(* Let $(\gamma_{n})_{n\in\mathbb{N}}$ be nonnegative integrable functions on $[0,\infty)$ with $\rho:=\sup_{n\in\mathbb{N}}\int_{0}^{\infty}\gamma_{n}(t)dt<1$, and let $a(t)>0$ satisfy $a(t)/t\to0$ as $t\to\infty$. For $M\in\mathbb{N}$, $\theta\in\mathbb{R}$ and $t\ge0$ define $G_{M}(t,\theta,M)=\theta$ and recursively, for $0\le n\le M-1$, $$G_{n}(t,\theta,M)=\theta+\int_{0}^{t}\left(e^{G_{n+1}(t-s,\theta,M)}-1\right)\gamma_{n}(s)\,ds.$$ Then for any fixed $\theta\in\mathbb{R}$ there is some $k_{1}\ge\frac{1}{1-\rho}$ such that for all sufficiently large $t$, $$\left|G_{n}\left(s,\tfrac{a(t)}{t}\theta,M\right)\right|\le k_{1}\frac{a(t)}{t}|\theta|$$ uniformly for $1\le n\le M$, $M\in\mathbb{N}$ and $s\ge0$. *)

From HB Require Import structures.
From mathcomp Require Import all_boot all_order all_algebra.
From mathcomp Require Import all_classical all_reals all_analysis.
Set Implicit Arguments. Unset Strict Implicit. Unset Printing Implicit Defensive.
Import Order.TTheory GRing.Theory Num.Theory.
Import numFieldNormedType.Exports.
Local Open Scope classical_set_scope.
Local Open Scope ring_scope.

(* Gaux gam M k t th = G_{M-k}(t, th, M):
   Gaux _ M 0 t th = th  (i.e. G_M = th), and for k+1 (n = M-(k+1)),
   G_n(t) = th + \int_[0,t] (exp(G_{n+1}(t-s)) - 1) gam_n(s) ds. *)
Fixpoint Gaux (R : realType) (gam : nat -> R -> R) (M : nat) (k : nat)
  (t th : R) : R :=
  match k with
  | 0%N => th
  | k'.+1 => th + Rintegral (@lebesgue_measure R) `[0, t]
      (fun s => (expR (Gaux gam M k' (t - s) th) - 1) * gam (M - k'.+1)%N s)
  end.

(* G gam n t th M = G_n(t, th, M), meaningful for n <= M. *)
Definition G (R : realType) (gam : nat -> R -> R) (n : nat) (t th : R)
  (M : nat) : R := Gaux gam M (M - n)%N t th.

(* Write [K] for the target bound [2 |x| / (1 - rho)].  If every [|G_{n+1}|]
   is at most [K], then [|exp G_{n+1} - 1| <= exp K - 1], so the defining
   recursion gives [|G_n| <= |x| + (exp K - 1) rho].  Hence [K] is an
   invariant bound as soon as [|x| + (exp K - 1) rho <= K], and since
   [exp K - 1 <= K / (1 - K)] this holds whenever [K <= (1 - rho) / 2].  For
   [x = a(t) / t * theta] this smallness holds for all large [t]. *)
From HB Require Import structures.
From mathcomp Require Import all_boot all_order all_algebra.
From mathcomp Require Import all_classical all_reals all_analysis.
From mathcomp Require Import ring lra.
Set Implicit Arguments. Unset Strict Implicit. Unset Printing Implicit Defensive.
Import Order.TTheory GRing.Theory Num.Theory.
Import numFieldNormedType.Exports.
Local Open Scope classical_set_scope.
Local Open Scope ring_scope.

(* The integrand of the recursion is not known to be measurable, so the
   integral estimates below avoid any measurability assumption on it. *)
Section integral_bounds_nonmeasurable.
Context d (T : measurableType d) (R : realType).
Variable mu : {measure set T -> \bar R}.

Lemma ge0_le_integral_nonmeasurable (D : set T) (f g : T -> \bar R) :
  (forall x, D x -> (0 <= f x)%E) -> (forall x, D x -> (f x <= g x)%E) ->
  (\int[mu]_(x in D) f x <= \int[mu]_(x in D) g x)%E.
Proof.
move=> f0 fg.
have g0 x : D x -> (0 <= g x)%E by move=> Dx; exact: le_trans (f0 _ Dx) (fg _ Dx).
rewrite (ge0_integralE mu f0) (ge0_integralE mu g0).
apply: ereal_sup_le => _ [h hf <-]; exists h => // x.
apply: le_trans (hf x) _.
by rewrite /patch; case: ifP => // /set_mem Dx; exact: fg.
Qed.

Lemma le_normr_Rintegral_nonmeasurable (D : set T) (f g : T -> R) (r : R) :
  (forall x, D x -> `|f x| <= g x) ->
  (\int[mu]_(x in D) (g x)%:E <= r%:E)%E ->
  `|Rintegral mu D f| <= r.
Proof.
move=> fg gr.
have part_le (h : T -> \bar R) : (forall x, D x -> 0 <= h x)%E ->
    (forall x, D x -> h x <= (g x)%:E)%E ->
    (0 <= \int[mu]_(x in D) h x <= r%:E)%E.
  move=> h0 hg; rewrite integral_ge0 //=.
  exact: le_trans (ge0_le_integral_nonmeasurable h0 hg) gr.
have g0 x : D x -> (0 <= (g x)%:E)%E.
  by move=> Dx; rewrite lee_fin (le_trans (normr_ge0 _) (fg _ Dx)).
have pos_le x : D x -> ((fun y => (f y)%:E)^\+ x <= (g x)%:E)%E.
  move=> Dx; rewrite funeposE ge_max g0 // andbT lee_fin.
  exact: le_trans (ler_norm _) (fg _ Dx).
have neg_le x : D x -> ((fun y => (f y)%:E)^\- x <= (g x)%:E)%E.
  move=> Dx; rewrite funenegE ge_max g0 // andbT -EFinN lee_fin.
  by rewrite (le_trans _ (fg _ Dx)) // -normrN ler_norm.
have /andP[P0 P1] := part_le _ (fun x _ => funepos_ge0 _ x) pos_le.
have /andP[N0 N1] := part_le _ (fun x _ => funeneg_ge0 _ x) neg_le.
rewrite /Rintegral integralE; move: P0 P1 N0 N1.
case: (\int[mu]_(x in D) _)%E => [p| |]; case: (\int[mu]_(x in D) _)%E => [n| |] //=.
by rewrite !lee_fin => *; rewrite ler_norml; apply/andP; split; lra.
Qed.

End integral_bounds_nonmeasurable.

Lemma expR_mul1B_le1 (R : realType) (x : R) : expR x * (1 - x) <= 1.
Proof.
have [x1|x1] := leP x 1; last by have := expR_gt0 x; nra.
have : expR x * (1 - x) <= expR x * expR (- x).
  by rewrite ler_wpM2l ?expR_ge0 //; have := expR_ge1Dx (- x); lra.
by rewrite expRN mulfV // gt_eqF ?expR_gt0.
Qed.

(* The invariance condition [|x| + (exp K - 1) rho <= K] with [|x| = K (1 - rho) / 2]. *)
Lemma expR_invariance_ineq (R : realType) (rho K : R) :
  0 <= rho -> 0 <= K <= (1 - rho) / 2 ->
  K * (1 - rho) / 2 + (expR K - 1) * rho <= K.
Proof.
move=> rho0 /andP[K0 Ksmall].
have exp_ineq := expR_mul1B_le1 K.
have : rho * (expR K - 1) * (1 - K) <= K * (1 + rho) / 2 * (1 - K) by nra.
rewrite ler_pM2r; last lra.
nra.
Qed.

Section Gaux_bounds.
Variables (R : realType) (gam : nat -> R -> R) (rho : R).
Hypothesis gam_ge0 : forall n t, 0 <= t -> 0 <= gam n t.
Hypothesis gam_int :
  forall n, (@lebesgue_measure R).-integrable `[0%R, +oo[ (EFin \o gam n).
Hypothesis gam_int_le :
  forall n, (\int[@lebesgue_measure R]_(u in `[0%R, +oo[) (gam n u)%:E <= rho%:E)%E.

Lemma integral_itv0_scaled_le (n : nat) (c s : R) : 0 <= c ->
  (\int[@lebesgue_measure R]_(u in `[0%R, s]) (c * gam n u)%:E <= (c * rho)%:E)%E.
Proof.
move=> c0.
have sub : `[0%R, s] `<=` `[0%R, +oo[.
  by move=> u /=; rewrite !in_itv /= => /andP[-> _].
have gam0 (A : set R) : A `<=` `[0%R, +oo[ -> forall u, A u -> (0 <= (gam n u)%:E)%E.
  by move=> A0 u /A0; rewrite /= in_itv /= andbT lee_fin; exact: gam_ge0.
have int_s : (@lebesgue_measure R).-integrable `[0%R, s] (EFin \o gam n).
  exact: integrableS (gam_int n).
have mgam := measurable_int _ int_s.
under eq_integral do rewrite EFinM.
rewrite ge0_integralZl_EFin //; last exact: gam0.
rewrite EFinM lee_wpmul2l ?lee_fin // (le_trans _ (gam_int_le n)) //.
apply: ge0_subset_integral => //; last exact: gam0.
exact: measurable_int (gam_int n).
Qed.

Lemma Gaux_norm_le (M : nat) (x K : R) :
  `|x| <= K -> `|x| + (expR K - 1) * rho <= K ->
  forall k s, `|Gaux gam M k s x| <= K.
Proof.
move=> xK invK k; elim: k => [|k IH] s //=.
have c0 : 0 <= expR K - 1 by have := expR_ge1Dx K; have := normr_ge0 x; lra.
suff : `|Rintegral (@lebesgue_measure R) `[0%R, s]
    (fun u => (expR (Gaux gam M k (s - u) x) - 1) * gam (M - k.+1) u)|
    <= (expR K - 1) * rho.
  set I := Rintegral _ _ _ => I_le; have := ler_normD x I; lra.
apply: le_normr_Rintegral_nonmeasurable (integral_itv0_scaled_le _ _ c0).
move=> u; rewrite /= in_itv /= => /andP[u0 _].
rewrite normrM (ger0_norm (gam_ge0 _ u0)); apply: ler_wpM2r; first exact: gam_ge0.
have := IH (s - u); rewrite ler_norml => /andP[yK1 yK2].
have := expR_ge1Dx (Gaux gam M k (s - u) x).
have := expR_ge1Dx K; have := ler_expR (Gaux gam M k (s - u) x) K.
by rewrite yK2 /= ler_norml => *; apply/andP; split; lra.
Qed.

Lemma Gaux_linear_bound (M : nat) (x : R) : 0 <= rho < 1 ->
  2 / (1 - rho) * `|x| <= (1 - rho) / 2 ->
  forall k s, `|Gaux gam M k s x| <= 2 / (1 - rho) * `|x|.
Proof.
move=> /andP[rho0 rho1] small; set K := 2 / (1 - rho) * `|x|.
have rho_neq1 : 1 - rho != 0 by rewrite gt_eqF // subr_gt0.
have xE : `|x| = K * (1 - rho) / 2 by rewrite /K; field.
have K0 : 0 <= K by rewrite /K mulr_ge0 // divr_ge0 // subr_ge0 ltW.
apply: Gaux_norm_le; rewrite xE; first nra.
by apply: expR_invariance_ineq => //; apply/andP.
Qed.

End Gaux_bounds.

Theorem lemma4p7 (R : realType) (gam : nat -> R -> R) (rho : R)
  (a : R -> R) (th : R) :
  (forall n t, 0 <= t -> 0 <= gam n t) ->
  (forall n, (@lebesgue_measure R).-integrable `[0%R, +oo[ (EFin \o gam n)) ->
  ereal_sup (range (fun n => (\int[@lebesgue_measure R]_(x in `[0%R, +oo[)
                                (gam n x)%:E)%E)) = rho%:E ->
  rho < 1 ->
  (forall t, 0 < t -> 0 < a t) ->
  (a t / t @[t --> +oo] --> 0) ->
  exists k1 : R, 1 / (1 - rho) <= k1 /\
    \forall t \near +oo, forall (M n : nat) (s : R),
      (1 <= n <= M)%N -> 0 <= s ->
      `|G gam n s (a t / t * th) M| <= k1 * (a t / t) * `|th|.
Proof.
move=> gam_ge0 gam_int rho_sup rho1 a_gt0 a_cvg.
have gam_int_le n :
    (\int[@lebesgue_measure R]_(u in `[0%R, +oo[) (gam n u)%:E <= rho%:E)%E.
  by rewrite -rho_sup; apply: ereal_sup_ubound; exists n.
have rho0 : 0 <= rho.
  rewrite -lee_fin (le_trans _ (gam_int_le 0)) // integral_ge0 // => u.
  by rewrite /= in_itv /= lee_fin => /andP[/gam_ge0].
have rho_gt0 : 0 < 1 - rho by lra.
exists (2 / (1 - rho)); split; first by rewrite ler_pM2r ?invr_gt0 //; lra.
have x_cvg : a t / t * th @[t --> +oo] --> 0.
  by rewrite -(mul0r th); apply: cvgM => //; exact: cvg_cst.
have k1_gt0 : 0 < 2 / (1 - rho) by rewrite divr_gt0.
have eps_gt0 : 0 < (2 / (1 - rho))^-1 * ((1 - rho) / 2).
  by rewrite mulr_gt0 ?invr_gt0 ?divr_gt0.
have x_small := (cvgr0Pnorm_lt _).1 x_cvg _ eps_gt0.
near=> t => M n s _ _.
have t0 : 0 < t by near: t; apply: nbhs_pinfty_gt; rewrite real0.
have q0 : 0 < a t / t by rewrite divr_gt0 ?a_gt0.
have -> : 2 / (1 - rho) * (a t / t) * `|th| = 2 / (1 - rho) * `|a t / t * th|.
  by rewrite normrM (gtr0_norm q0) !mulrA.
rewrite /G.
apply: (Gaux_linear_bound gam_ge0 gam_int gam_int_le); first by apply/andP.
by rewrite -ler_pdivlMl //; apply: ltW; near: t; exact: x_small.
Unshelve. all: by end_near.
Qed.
:::::
AIM OF THE EXERCISE - Above this instruction are the records; retype exactly the lines from the one containing "rewrite ler_pM2r; last lra." up to and including the one containing "have mgam := measurable_int _ int_s.".

EXERCISE OUTPUT -
rewrite ler_pM2r; last lra.
nra.
Qed.

Section Gaux_bounds.
Variables (R : realType) (gam : nat -> R -> R) (rho : R).
Hypothesis gam_ge0 : forall n t, 0 <= t -> 0 <= gam n t.
Hypothesis gam_int :
  forall n, (@lebesgue_measure R).-integrable `[0%R, +oo[ (EFin \o gam n).
Hypothesis gam_int_le :
  forall n, (\int[@lebesgue_measure R]_(u in `[0%R, +oo[) (gam n u)%:E <= rho%:E)%E.

Lemma integral_itv0_scaled_le (n : nat) (c s : R) : 0 <= c ->
  (\int[@lebesgue_measure R]_(u in `[0%R, s]) (c * gam n u)%:E <= (c * rho)%:E)%E.
Proof.
move=> c0.
have sub : `[0%R, s] `<=` `[0%R, +oo[.
  by move=> u /=; rewrite !in_itv /= => /andP[-> _].
have gam0 (A : set R) : A `<=` `[0%R, +oo[ -> forall u, A u -> (0 <= (gam n u)%:E)%E.
  by move=> A0 u /A0; rewrite /= in_itv /= andbT lee_fin; exact: gam_ge0.
have int_s : (@lebesgue_measure R).-integrable `[0%R, s] (EFin \o gam n).
  exact: integrableS (gam_int n).
have mgam := measurable_int _ int_s.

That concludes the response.